But that changed everything because we also made the decision, Mendi, at that point that we wanted to after we found you guys and choose FI, we want to live off one income and invest the other.
And instead of, it would have been much easier to just, hey, let's invest Dave's teacher income of like 55, $60,000 a year.
And let's live a pretty good life off of Stephanie's real estate income, which at that point had gotten up to maybe $150.
but we did the reverse and I said, how about we live off my teacher income and I'll still do the
lawn care side hustle for $1,500 a month? And then we're going to invest every penny you make into your
SEP IRA, my 457 at work 401K. And then we're also going to buy more real estate. And here we are.
Now we have nine homes and two of those are paid for. I absolutely love this, right? I think that a lot of
people overthink the journey to financial independence and that one decision that you made there
with the how think about how many lawns you got to mow to make up for that single choice
every month recurring on there in terms of in terms of the amount of wealth that it comes into
your life the pressure that not having a mortgage payment took off of your need to generate
income in a really meaningful way the explosion of wealth over the next several years from a
cash flow perspective to the nine properties. I think you said you're a millionaire. We'll learn the
specific numbers, I'm sure, coming up here in a little bit on the, it's, it's the most powerful
decision. And I think that a lot of people, you know, they're saying, hey, it's really hard to get
ahead in America. It's really hard to get going to that next level. It is. It is really hard.

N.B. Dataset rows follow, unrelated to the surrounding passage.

(* Let $(G,\rho)$ be a ribbon graph and $v\in V(G)$ with $\rho_v=(e_1,\dots,e_{i+j})$, $i,j\ge1$. Assume that for all $1\le k\le i$ and $i+1\le l\le i+j$, the edges $e_k$ and $e_l$ lie in different $v$-components of $(G,\rho)$. Let $(G',\rho')$ be the union of all $v$-components containing some edge of $\{e_1,\dots,e_i\}$ and $(G'',\rho'')$ the union of all $v$-components containing some edge of $\{e_{i+1},\dots,e_{i+j}\}$, with cyclic orders restricted from $\rho$. Then the genus of $(G,\rho)$ equals the genus of $(G',\rho')$ plus the genus of $(G'',\rho'')$.
   Context: Graphs are finite, connected, loopless, possibly with multiple edges. A ribbon graph $(G,\rho)$ assigns to each vertex $u$ a cyclic order $\rho_u$ on incident edges. For a vertex $v$, a $v$-component is the full ribbon subgraph induced on the vertices of a connected component of $G\setminus v$ together with $v$. Genus: a cycle of a ribbon graph is a closed walk which, whenever it enters a vertex $u$ along an edge $e$, leaves along the edge following $e$ in $\rho_u$; with $\operatorname{cyc}$ the number of cycles, the genus $g$ satisfies $2g=2-|V|+|E|-\operatorname{cyc}$. *)

(* Ribbon graphs as in the paper: finite vertex/edge types,
   each (loopless) edge has two ends, rho u is a cyclic permutation of the
   edges incident to u (and fixes all other edges). *)
From mathcomp Require Import all_boot all_order all_algebra all_fingroup.
Set Implicit Arguments. Unset Strict Implicit. Unset Printing Implicit Defensive.
Import GRing.Theory Num.Theory.

Record ribbon_graph := RibbonGraph {
  rV : finType;
  rE : finType;
  ends : rE -> rV * rV;
  rho : rV -> {perm rE} }.

Section RG.
Variable G : ribbon_graph.

Definition incident (u : rV G) (e : rE G) : bool :=
  ((ends e).1 == u) || ((ends e).2 == u).

Definition gadj : rel (rV G) :=
  fun x y => [exists e, (ends e == (x, y)) || (ends e == (y, x))].

Definition is_ribbon_graph : Prop :=
  [/\ forall e : rE G, (ends e).1 != (ends e).2,
      forall x y : rV G, connect gadj x y,
      forall (u : rV G) (e : rE G), ~~ incident u e -> rho u e = e
    & forall (u : rV G) (e1 e2 : rE G), incident u e1 -> incident u e2 ->
        exists k, iter k (rho u) e1 = e2].

(* darts: (e, false) traverses e from (ends e).1 to (ends e).2,
          (e, true)  traverses e from (ends e).2 to (ends e).1 *)
Definition dhead (d : rE G * bool) : rV G :=
  if d.2 then (ends d.1).1 else (ends d.1).2.

(* the cyclic order rho u restricted to the edge set Es:
   the first edge of Es following e in rho u *)
Definition next_in (Es : {set rE G}) (u : rV G) (e : rE G) : rE G :=
  let s := [seq iter k.+1 (rho u) e | k <- iota 0 #|rE G|] in
  nth e s (find (fun x => x \in Es) s).

(* one step of a cycle (face) walk in the sub-ribbon graph with edges Es:
   entering u along e, leave along the edge following e in the restricted order *)
Definition face_step (Es : {set rE G}) (d : rE G * bool) : rE G * bool :=
  let u := dhead d in
  let e' := next_in Es u d.1 in
  (e', (ends e').2 == u).

Definition darts_of (Es : {set rE G}) : {set rE G * bool} :=
  [set d | d.1 \in Es].

(* number of cycles: orbits of the face walk on darts; convention: an
   edgeless (single-vertex) graph has one (trivial) cycle *)
Definition ncycles (Es : {set rE G}) : nat :=
  if Es == set0 then 1%N else
  #|[set [set y | fconnect (face_step Es) x y] | x in darts_of Es]|.

Definition genus_sub (Vs : {set rV G}) (Es : {set rE G}) : rat :=
  (2 - #|Vs|%:R + #|Es|%:R - (ncycles Es)%:R) / 2.

Definition genus : rat := genus_sub [set: rV G] [set: rE G].

Definition adj_minus (v : rV G) : rel (rV G) :=
  fun x y => [&& x != v, y != v & gadj x y].

Definition vcompV (v w : rV G) : {set rV G} :=
  v |: [set x | (x != v) && connect (adj_minus v) w x].

Definition vcomps (v : rV G) : {set {set rV G}} :=
  [set vcompV v w | w in [set w | w != v]].

Definition induced_E (W : {set rV G}) : {set rE G} :=
  [set e | ((ends e).1 \in W) && ((ends e).2 \in W)].

Definition union_V (v : rV G) (es : seq (rE G)) : {set rV G} :=
  \bigcup_(C in vcomps v | has (fun e => e \in induced_E C) es) C.
Definition union_E (v : rV G) (es : seq (rE G)) : {set rE G} :=
  \bigcup_(C in vcomps v | has (fun e => e \in induced_E C) es) induced_E C.

End RG.

From mathcomp Require Import all_boot all_order all_algebra all_fingroup.
From mathcomp Require Import zify lra.
Set Implicit Arguments. Unset Strict Implicit. Unset Printing Implicit Defensive.
Import GRing.Theory.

But if you have two incomes and can afford a property like that, if you can downsize your lifestyle,
even for just a couple of years to jumpstart that snowball with a house hack like this,
it is a cheat code. It is, it makes everything else so much easier downstream. And I want to also
say this, I did the exact same thing as you two years ago. When we were, we were kind of thinking
about what the next move was for our family. We were actually in a rental at that point in time,
in a nice part of town. We weren't sure how the next year or two was going to play out with
certain things. And so we moved into one of our duplexes, wasn't quite,
the environment that we were used to in our previous rental.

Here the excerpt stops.